--- YOUR ASSIGNMENT ---
Return every line from the one with "if deleting an" through the one with "B' = (S n W) u", inclusive, exactly as it appears below.

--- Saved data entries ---
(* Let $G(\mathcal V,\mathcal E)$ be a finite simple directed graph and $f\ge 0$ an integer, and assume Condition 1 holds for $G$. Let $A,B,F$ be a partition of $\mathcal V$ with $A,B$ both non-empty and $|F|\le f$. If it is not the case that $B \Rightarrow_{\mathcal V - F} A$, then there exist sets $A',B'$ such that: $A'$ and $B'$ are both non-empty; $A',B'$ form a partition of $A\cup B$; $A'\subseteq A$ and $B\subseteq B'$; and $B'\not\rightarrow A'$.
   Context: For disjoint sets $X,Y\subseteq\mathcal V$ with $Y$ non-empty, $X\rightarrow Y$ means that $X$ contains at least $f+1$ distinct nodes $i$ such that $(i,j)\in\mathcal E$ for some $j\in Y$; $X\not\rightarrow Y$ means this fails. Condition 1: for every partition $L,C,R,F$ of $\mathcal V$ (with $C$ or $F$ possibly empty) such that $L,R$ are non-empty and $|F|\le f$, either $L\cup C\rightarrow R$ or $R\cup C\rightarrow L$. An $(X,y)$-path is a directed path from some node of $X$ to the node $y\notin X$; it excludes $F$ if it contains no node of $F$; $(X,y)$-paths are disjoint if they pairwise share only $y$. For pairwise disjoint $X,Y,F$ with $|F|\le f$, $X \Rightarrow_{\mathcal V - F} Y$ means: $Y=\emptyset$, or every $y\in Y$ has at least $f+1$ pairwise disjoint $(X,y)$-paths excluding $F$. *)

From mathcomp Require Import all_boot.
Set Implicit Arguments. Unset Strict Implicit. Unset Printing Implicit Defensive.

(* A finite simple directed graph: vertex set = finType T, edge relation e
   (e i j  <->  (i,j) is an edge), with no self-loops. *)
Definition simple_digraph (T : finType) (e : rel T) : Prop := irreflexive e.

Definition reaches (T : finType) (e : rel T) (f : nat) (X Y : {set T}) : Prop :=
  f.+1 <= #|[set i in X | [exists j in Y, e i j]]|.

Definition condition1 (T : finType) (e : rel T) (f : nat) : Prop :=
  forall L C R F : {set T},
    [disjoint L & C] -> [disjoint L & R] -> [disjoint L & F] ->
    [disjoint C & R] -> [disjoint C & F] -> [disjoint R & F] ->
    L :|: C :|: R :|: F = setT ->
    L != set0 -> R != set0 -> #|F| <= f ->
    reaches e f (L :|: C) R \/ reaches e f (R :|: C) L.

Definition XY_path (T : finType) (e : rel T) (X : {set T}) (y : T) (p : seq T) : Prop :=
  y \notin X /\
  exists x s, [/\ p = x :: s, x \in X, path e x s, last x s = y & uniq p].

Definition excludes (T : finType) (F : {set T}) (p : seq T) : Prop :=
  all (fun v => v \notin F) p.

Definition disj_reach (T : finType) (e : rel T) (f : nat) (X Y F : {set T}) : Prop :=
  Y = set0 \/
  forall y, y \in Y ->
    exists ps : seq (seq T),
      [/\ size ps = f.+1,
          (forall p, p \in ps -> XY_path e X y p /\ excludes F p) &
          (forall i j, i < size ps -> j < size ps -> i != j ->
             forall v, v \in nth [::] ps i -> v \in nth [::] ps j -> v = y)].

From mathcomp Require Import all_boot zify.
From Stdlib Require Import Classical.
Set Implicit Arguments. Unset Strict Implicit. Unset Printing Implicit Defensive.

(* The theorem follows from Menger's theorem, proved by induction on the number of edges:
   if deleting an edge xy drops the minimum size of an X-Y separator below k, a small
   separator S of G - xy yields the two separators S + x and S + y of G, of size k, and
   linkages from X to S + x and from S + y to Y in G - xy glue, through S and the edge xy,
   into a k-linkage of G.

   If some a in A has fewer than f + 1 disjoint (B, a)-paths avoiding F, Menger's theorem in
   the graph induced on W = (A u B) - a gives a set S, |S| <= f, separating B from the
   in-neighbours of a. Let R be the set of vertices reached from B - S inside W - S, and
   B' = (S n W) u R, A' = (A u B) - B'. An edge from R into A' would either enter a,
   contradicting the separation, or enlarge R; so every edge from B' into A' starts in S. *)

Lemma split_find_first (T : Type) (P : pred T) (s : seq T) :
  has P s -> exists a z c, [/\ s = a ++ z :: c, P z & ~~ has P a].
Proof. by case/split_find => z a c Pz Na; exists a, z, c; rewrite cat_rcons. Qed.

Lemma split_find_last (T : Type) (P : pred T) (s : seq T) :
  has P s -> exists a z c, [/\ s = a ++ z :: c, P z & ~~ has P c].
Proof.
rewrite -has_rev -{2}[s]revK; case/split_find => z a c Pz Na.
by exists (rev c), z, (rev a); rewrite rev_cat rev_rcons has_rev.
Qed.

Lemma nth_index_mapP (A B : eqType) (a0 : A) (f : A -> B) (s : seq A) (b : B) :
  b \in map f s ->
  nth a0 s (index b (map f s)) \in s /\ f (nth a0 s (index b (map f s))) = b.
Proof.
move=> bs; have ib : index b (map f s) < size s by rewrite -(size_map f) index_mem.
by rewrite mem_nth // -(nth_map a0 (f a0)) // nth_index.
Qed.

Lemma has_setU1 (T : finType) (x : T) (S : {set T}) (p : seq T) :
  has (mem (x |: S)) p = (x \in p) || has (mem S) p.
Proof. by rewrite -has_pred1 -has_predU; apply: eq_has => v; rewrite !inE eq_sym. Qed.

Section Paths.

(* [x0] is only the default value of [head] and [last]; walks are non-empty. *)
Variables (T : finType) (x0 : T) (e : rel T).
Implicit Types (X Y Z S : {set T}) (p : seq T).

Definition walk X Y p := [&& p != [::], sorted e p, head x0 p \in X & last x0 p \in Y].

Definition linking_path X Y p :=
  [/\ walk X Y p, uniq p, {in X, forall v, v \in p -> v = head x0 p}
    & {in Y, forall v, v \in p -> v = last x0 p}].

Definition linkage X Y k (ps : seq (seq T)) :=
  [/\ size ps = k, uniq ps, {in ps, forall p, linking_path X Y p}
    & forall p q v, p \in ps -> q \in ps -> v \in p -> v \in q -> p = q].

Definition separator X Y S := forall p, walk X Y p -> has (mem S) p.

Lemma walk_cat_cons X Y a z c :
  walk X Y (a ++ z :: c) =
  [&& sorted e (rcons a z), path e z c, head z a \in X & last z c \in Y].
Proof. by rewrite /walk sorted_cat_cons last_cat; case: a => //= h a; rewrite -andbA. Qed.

--- YOUR SOLUTION ---
   if deleting an edge xy drops the minimum size of an X-Y separator below k, a small
   separator S of G - xy yields the two separators S + x and S + y of G, of size k, and
   linkages from X to S + x and from S + y to Y in G - xy glue, through S and the edge xy,
   into a k-linkage of G.

   If some a in A has fewer than f + 1 disjoint (B, a)-paths avoiding F, Menger's theorem in
   the graph induced on W = (A u B) - a gives a set S, |S| <= f, separating B from the
   in-neighbours of a. Let R be the set of vertices reached from B - S inside W - S, and
   B' = (S n W) u R, A' = (A u B) - B'. An edge from R into A' would either enter a,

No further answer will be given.